**WHAT IS BEING ASKED:**
Up to and including the line with "assert (Hbump : forall", output the records exactly as they appear.

Saved entries
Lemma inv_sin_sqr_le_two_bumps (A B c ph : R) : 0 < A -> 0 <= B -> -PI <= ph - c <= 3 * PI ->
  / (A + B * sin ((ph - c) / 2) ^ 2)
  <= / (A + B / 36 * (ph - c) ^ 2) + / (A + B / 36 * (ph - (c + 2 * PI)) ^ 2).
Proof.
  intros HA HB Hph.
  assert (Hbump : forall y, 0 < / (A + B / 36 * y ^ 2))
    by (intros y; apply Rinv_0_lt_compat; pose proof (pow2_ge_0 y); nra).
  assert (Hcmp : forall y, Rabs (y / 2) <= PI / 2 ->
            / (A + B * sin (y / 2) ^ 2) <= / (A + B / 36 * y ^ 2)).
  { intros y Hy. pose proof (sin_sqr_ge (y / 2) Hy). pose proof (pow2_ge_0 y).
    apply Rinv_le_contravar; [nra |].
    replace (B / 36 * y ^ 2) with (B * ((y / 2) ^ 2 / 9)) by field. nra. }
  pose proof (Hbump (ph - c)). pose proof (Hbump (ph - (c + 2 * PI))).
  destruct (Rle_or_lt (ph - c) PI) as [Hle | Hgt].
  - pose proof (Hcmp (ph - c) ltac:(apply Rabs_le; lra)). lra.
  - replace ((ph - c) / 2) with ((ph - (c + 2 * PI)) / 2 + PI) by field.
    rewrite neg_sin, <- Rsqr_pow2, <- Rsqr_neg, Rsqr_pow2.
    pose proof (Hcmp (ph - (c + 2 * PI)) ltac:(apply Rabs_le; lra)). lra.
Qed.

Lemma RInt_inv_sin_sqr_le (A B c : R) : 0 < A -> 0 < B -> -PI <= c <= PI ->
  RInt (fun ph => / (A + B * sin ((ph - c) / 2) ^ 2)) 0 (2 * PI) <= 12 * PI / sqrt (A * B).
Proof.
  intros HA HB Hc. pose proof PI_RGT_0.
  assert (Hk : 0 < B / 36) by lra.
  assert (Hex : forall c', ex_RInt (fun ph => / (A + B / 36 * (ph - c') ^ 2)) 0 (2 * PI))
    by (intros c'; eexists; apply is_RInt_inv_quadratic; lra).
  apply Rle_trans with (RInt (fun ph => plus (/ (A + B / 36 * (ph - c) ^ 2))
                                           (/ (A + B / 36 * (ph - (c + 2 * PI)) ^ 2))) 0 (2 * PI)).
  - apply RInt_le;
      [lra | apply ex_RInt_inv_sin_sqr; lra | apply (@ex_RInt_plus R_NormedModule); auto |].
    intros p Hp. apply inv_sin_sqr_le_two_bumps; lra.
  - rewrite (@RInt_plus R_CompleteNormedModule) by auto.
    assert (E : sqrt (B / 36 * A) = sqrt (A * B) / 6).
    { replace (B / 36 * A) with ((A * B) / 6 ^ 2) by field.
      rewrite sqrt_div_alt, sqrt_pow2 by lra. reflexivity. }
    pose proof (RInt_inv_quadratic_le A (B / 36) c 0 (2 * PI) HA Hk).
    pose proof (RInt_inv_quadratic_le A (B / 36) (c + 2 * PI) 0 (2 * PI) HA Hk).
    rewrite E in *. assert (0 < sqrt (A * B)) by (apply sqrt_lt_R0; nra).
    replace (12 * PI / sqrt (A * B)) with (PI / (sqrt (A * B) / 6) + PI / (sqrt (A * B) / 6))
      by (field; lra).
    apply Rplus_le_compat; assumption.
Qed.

**ANSWER SPACE:**
Lemma inv_sin_sqr_le_two_bumps (A B c ph : R) : 0 < A -> 0 <= B -> -PI <= ph - c <= 3 * PI ->
  / (A + B * sin ((ph - c) / 2) ^ 2)
  <= / (A + B / 36 * (ph - c) ^ 2) + / (A + B / 36 * (ph - (c + 2 * PI)) ^ 2).
Proof.
  intros HA HB Hph.
  assert (Hbump : forall y, 0 < / (A + B / 36 * y ^ 2))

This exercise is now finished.